Bursting bubbles non-invasively generated at the site of a tumor by High Intensity Focused Ultrasound (HIFU) release heat energy that kills the cancer cells. Clinical trials of the technique in terminal kidney and liver cancer patients are under way in the UK. However, it takes up to five hours to treat a 10cm tumor, compared with 45 minutes or so for surgical resection, and the results are not immediately observable. To overcome these limitations the researchers are developing a sensor that can “hear” the tiny bubbles bursting which will help deliver the treatment more accurately, deeper in the body, and to monitor the treatment in real time.

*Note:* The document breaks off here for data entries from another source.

(* Let $S\in\mathcal{B}_A(\mathcal{H})$. Then $$\omega_A^4(S)\le\frac14\Big\|\big(S^{\sharp_A}S\big)^2+\big(SS^{\sharp_A}\big)^2\Big\|_A+\frac12\,\omega_A\big(S^{\sharp_A}S^2S^{\sharp_A}\big).$$
   Context: $\mathcal{H}$ is a complex Hilbert space with inner product $\langle\cdot,\cdot\rangle$, and $A$ is a fixed nonzero positive bounded operator on $\mathcal{H}$. Set $\langle x,y\rangle_A=\langle Ax,y\rangle$ and $\|x\|_A=\|A^{1/2}x\|$. $\mathcal{B}_A(\mathcal{H})$ is the set of bounded operators $T$ for which there exists a bounded $S$ with $\langle Tx,y\rangle_A=\langle x,Sy\rangle_A$ for all $x,y$ (equivalently $\mathcal{R}(T^*A)\subseteq\mathcal{R}(A)$). For $T\in\mathcal{B}_A(\mathcal{H})$, $T^{\sharp_A}=A^\dagger T^*A$ ($A^\dagger$ the Moore–Penrose inverse) is the reduced solution of $AX=T^*A$. For an operator $T$ with $\|Tx\|_A\le\lambda\|x\|_A$ for some $\lambda>0$ and all $x$, $\|T\|_A=\sup\{\|Tx\|_A: \|x\|_A=1\}$, and $\omega_A(T)=\sup\{|\langle Tx,x\rangle_A|:\|x\|_A=1\}$. *)

From HB Require Import structures.
From mathcomp Require Import all_boot all_order all_algebra.
From mathcomp Require Import complex.
From mathcomp Require Import boolp classical_sets reals.
From Stdlib Require Import ClassicalEpsilon.
Set Implicit Arguments. Unset Strict Implicit. Unset Printing Implicit Defensive.
Import Order.TTheory GRing.Theory Num.Theory.
Local Open Scope ring_scope.
Local Open Scope classical_set_scope.

Section HilbertDefs.
Variables (R : realType) (H : lmodType R[i]) (ip : H -> H -> R[i]).

Definition hnorm (x : H) : R := Num.sqrt (complex.Re (ip x x)).

Definition is_hilbert_space : Prop :=
  [/\ (forall (a : R[i]) (x y z : H), ip (a *: x + y) z = a * ip x z + ip y z),
      (forall x y : H, ip y x = conjc (ip x y)),
      (forall x : H, 0 <= ip x x),
      (forall x : H, ip x x = 0 -> x = 0) &
      (forall u : nat -> H,
         (forall e : R, 0 < e -> exists N, forall m n, (N <= m)%N -> (N <= n)%N ->
             hnorm (u m - u n) < e) ->
         exists l : H, forall e : R, 0 < e -> exists N, forall n, (N <= n)%N ->
             hnorm (u n - l) < e)].

Definition bounded_op (T : H -> H) : Prop :=
  (forall (a : R[i]) (x y : H), T (a *: x + y) = a *: T x + T y) /\
  exists M : R, forall x, hnorm (T x) <= M * hnorm x.

(* the Hilbert adjoint T^* (chosen by classical choice; for bounded T on a
   Hilbert space it exists and is unique) *)
Definition adjoint (T : H -> H) : H -> H :=
  epsilon (inhabits (fun x : H => x))
    (fun S : H -> H => forall x y, ip (T x) y = ip x (S y)).

Definition positive_op (A : H -> H) : Prop :=
  bounded_op A /\ forall x, 0 <= ip (A x) x.

(* Moore-Penrose inverse A^dagger of A, on its domain R(A) + R(A)^perp:
   A^dagger y is the unique z in N(A)^perp with A z - y in R(A)^perp. *)
Definition mp_inverse (A : H -> H) (y : H) : H :=
  epsilon (inhabits (0 : H))
    (fun z : H => (forall w, A w = 0 -> ip z w = 0) /\
                  (forall w, ip (A z - y) (A w) = 0)).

The therapy is not suitable for cancers that have metastasized. Candidates for the procedure would generally be patients with isolated solid tumors in the kidneys or liver.

Conclusion

Hospital and Health Networks editor Mary Grayson has lamented the paucity of prognostications this New Year just past, leaving healthcare institutions and practitioners to stumble blindly into 2008. “No one,” she suspects, “can come up with anything particularly new or surprising to say about health care in 2008.” She may be referring more to near-term policy and reimbursement predictions than to longer term auguries of the future of medicine, but even there, she would be quite right.

It’s neither new nor surprising that cancer will be effectively licked by 2015, not to Dr. Eschenbach, not to us, and hopefully not to you. But if you are surprised, perhaps we can claim that this edition of the Digest has helped in some small way to set the universe back on course, by predicting that in 2008, we will see an exponential advance in the prosecution of the War on Cancer.